Text classification algorithms investigate the intricate relationships between words or phrases and attempt to deduce the document's interpretation. In the last few years, these algorithms have progressed tremendously. Transformer architecture and sentence encoders have proven to give superior results on natural language processing tasks. But a major limitation of these architectures is their applicability for text no longer than a few hundred words. In this paper, we explore hierarchical transfer learning approaches for long document classification. We employ pre-trained Universal Sentence Encoder (USE) and Bidirectional Encoder Representations from Transformers (BERT) in a hierarchical setup to capture better representations efficiently.
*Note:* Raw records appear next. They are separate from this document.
Lemma pos_Rcons c t : pos Rcons c t = site (loc c t).
Proof.
have per_gt0 := ltnW (per_gt1 c).
rewrite /pos period_Rcons -(loc_mod c t).
have := ltn_pmod t per_gt0; case: (t %% per c) => [//|i] Hi.
by rewrite /route /Rcons /= nth_mkseq // -ltnS prednK.
Qed.

Lemma loc_lt_card (c : 'I_k) t : loc c t < N.+1.
Proof. by rewrite -sites_card loc_lt. Qed.

Lemma pos_Rcons_inj (c d : 'I_k) t u : pos Rcons c t = pos Rcons d u -> loc c t = loc d u.
Proof.
rewrite !pos_Rcons => /(congr1 val); rewrite /site /= !inordK //; exact: loc_lt_card.
Qed.

Lemma Rcons_simple : simple_PV Rcons.
Proof.
move=> c; split=> [i _|i j Hij]; first by apply/eqP => /pos_Rcons_inj; exact: loc_no_loop.
rewrite period_Rcons => Hj /pos_Rcons_inj E1 /pos_Rcons_inj E2.
exact: loc_move_inj (ltn_ord c) Hij Hj E1 E2.
Qed.

Lemma Rcons_heterogeneous : heterogeneous Rcons.
Proof.
have k_gt0 : 0 < k by lia.
apply/negP => /forallP /(_ (Ordinal k_gt0)) /forallP /(_ (Ordinal k_ge2)).
by rewrite !period_Rcons /per /=; have := pOdd_lt_pEven; lia.
Qed.

(* Feasibility: from carrier c, hop down to carrier 0 and then up to k - 1. *)
Fixpoint countdown (j : nat) : seq nat := if j is j'.+1 then j' :: countdown j' else [::].

Definition adjacent (a b : nat) : bool := (a.+1 == b) || (b.+1 == a).

Lemma mem_countdown i j : (i \in countdown j) = (i < j).
Proof. by elim: j => [//|j IH] /=; rewrite inE IH ltnS [in RHS]leq_eqVlt. Qed.

Lemma path_countdown j : path adjacent j (countdown j).
Proof. by elim: j => [//|j IH] /=; rewrite IH /adjacent eqxx orbT. Qed.

Lemma last_countdown j : last j (countdown j) = 0.
Proof. by elim: j. Qed.

Lemma path_iota s m : path adjacent s (iota s.+1 m).
Proof. by elim: m s => [//|m IH] s /=; rewrite IH /adjacent eqxx. Qed.

Lemma adjacent_meets (c0 : 'I_k) a b : a < k -> b < k -> adjacent a b ->
  meets Rcons L (insubd c0 a) (insubd c0 b).
Proof.
move=> Ha Hb /orP [] /eqP E; [exists (phase b) | exists (phase a)];
  rewrite ?phase_lt // => t Ht; rewrite !pos_Rcons !val_insubd Ha Hb -E.
  by rewrite (meet_at_phase (j := a)) ?E.
by rewrite (meet_at_phase (j := b)) ?E.
Qed.

Lemma adjacent_chain (c0 : 'I_k) l j : j < k -> all (fun x => x < k) l ->
  path adjacent j l -> meet_chain Rcons L (insubd c0 j) (map (insubd c0) l).
Proof.
elim: l j => [//|a l IH] j Hj /= /andP [Ha Hl] /andP [Hadj Hpath].
by split; [exact: adjacent_meets | exact: IH].
Qed.

Lemma Rcons_feasible : feasible Rcons.
Proof.
move=> c; set l := countdown c ++ iota 1 k.-1.
have Hl : all (fun x => x < k) l.
  by apply/allP => x; rewrite mem_cat mem_countdown mem_iota; have := ltn_ord c; lia.
have Hpath : path adjacent c l by rewrite cat_path path_countdown last_countdown path_iota.
have := adjacent_chain c (ltn_ord c) Hl Hpath; rewrite valKd => Hchain.
have Hper d : period Rcons d <= L by rewrite period_Rcons dvdn_leq ?L_gt0 ?per_dvd_L.
have [w [Hv Hvisit]] := meet_chain_walk Hper 0 Hchain.
exists w; rewrite /explores Hv /=; apply/forallP => y.
have Hy : val y < 2 * h + nmeet + e by rewrite sites_card ltn_ord.
have [j Hj [t Ht]] := site_visited Hy.
have -> : y = pos Rcons (insubd c j) t.
  have Ej : val (insubd c j) = j by rewrite val_insubd Hj.
  by apply: val_inj; rewrite pos_Rcons Ej Ht /site /= inordK.
apply: Hvisit; rewrite inE; case: (j =P c) => [->|Hjc]; first by rewrite valKd eqxx.
apply/orP; right; apply: map_f.
by rewrite mem_cat mem_countdown mem_iota; have := ltn_ord c; lia.
Qed.

Lemma arrival_invariant (c d : 'I_k) t :
  arrival d <= t -> pos Rcons c t = pos Rcons d t -> arrival c <= t.+1.
Proof.
move=> Hd /pos_Rcons_inj E; case: (ltngtP c d) => Hcd.
- have [Ed _] := meet_consecutive Hcd (ltn_ord d) E.
  by apply: leq_trans (arrival_mono c) _; rewrite -Ed ltnW.
- have [Ec Ht] := meet_consecutive Hcd (ltn_ord c) (esym E).
  by apply: leqW; apply: (arrival_step _ (ltn_ord c)) Ht; rewrite Ec.
- by rewrite (val_inj Hcd) ltnW.
Qed.
Lemma esumZ_measure_fibers (X : countType) (phi : T -> X) (S : set T)
    (r : R) :
  (forall x, measurable [set w | phi w = x]) -> measurable S -> 0 <= r ->
  (\esum_(x in [set: X]) r%:E * P (S `&` [set w | phi w = x]) =
   r%:E * P S)%E.
Proof.
move=> mphi mS r0.
rewrite (measure_partition_nat (measurable_pickle_fiber mphi) mS).
rewrite -nneseriesZl // nneseries_esumT; last by move=> n; rewrite mule_ge0.
transitivity (\esum_(n in pickle @` [set: X])
    (r%:E * P (S `&` [set w | pickle (phi w) = n]))%E); last first.
  rewrite esum_mkcond; apply: eq_esum => n _; case: ifPn => // nX.
  rewrite (_ : _ `&` _ = set0) ?measure0 ?mule0 //.
  apply/seteqP; split => // w /= [_ pn]; move/negP: nX; apply.
  by rewrite inE; exists (phi w).
rewrite esum_image; last by move=> x y _ _; exact: (pcan_inj (@pickleK_inv X)).
apply: eq_esum => x _; congr (_ * P _)%E; apply/seteqP; split => w /= [Sw wx].
  by split => //; rewrite wx.
by split => //; exact: (pcan_inj (@pickleK_inv X)).
Qed.

Lemma indep_preimage_of_fibers (X : countType) (phi : T -> X) (A : set T)
    (r : R) :
  (forall x, measurable [set w | phi w = x]) -> measurable A -> 0 <= r ->
  (forall x,
     P (A `&` [set w | phi w = x]) = (r%:E * P [set w | phi w = x])%E) ->
  forall Q : pred X,
    P (A `&` [set w | Q (phi w)]) = (r%:E * P [set w | Q (phi w)])%E.
Proof.
move=> mphi mA r0 Aindep Q.
have mQ := measurable_preimage_pred mphi Q.
have fiberQ x : [set w | Q (phi w)] `&` [set w | phi w = x] =
    if Q x then [set w | phi w = x] else set0.
  apply/seteqP; split => w /=; first by case=> Qw wx; rewrite -wx Qw.
  by case: ifP => // Qx wx; rewrite wx.
rewrite -(esumZ_measure_fibers mphi mQ r0) -[P (A `&` _)]mul1e.
rewrite -(esumZ_measure_fibers mphi (measurableI _ _ mA mQ) ler01).
apply: eq_esum => x _; rewrite mul1e -setIA fiberQ.
by case: (Q x); rewrite ?Aindep ?setI0 ?measure0 ?mule0.
Qed.
Lemma cf_q_ge k : (k <= cf_q alpha (S k))%nat.
Proof.
  enough (Hpair : (k <= cf_q alpha (S k) /\ S k <= cf_q alpha (S (S k)))%nat) by apply Hpair.
  induction k as [|k [_ IH]]; [split; [lia | apply (gauss_cf_invariant 1)]|].
  split; [exact IH|]. rewrite cf_q_succ.
  destruct (cf_a_spec alpha (S k) (proj1 (gauss_cf_invariant (S k)))) as [_ Ha1].
  destruct (gauss_cf_invariant k) as [_ [_ Hq]]. nia.
Qed.

Lemma c_n_bounds k : 0 <= c_n alpha (S k) <= 1.
Proof.
  destruct (gauss_cf_invariant k) as [Hg _]. unfold c_n, alpha_plus, alpha_minus. simpl pred.
  assert (1 < / gauss alpha k) by (rewrite <- Rinv_1; apply Rinv_lt_contravar; lra).
  assert (0 <= INR (cf_q alpha k) / INR (cf_q alpha (S k)))
    by (apply Rdiv_le_0_compat; [apply pos_INR | apply lt_0_INR, (gauss_cf_invariant k)]).
  split; [left; apply Rinv_0_lt_compat; lra|].
  rewrite <- Rinv_1. apply Rinv_le_contravar; lra.
Qed.

Lemma Rabs_Lambda m :
  Rabs (Lambda alpha (S m)) = c_n alpha (S m) / INR (cf_q alpha (S m)).
Proof.
  destruct (gauss_cf_invariant (S m)) as [_ [Hid _]].
  destruct (gauss_cf_invariant m) as [Hg0 [_ Hq1]].
  destruct (cf_a_spec alpha m Hg0) as [Ea _].
  pose proof (cf_det alpha m) as Hdet.
  unfold Lambda, c_n, alpha_plus, alpha_minus. simpl pred.
  rewrite cf_q_succ, cf_p_succ, !plus_INR, !mult_INR, Ea in Hid, Hdet.
  set (g0 := gauss alpha m) in *. set (g1 := gauss alpha (S m)) in *.
  set (Q1 := INR (cf_q alpha (S m))) in *. set (Q0 := INR (cf_q alpha m)) in *.
  set (P1 := INR (cf_p alpha (S m))) in *. set (P0 := INR (cf_p alpha m)) in *.
  assert (1 <= Q1) by (apply (le_INR 1); lia). assert (0 <= Q0) by apply pos_INR.
  assert (0 < Q1 / g0) by (apply Rdiv_lt_0_compat; lra).
  replace ((/ g0 - g1) * Q1 + Q0 + Q1 * g1) with (Q1 / g0 + Q0) in Hid by (field; lra).
  replace (Q1 * alpha - P1) with ((P0 * Q1 - P1 * Q0) / (Q1 / g0 + Q0)).
  2:{ rewrite Hid. field. split; [lra | apply Rgt_not_eq; nra]. }
  rewrite Rabs_div, (Rabs_pos_eq (Q1 / g0 + Q0)) by lra.
  replace (P0 * Q1 - P1 * Q0) with (((/ g0 - g1) * P1 + P0) * Q1 - P1 * ((/ g0 - g1) * Q1 + Q0)) by ring.
  rewrite Hdet. field. split; [lra | split; [lra | apply Rgt_not_eq; nra]].
Qed.

Lemma B_n_eq m :
  let q := cf_q alpha (S m) in
  B_n alpha (S m)
  = Rabs (prod_to (q - 1) (fun t =>
      sin (PI / INR q * (INR t - c_n alpha (S m) * xi alpha (S m) t)) / sin (PI / INR q * INR t))).
Proof.
  intros q. unfold B_n. fold q. rewrite prodR_1_prod_to. f_equal.
  apply prod_to_ext. intros t _. unfold s_nt. rewrite Rabs_Lambda. fold q.
  replace (PI * INR t / INR q) with (PI / INR q * INR t) by (unfold Rdiv; ring).
  match goal with |- 2 * sin ?x / _ = sin ?y / _ => replace x with y by (unfold Rdiv; ring) end.
  unfold Rdiv. rewrite Rinv_mult.
  match goal with |- 2 * ?a * (/ 2 * ?b) = _ =>
    replace (2 * a * (/ 2 * b)) with (2 * / 2 * (a * b)) by ring end.
  rewrite Rinv_r, Rmult_1_l by lra. reflexivity.
Qed.
End IrrationalExpansion.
Our proposed models are conceptually simple where we divide the input data into chunks and then pass this through base models of BERT and USE. Then output representation for each chunk is then propagated through a shallow neural network comprising of LSTMs or CNNs for classifying the text data. These extensions are evaluated on 6 benchmark datasets. We show that USE + CNN/LSTM performs better than its stand-alone baseline. Whereas the BERT + CNN/LSTM performs on par with its stand-alone counterpart. However, the hierarchical BERT models are still desirable as it avoids the quadratic complexity of the attention mechanism in BERT. Along with the hierarchical approaches, this work also provides a comparison of different deep learning algorithms like USE, BERT, HAN, Longformer, and BigBird for long document classification. The Longformer approach consistently performs well on most of the datasets.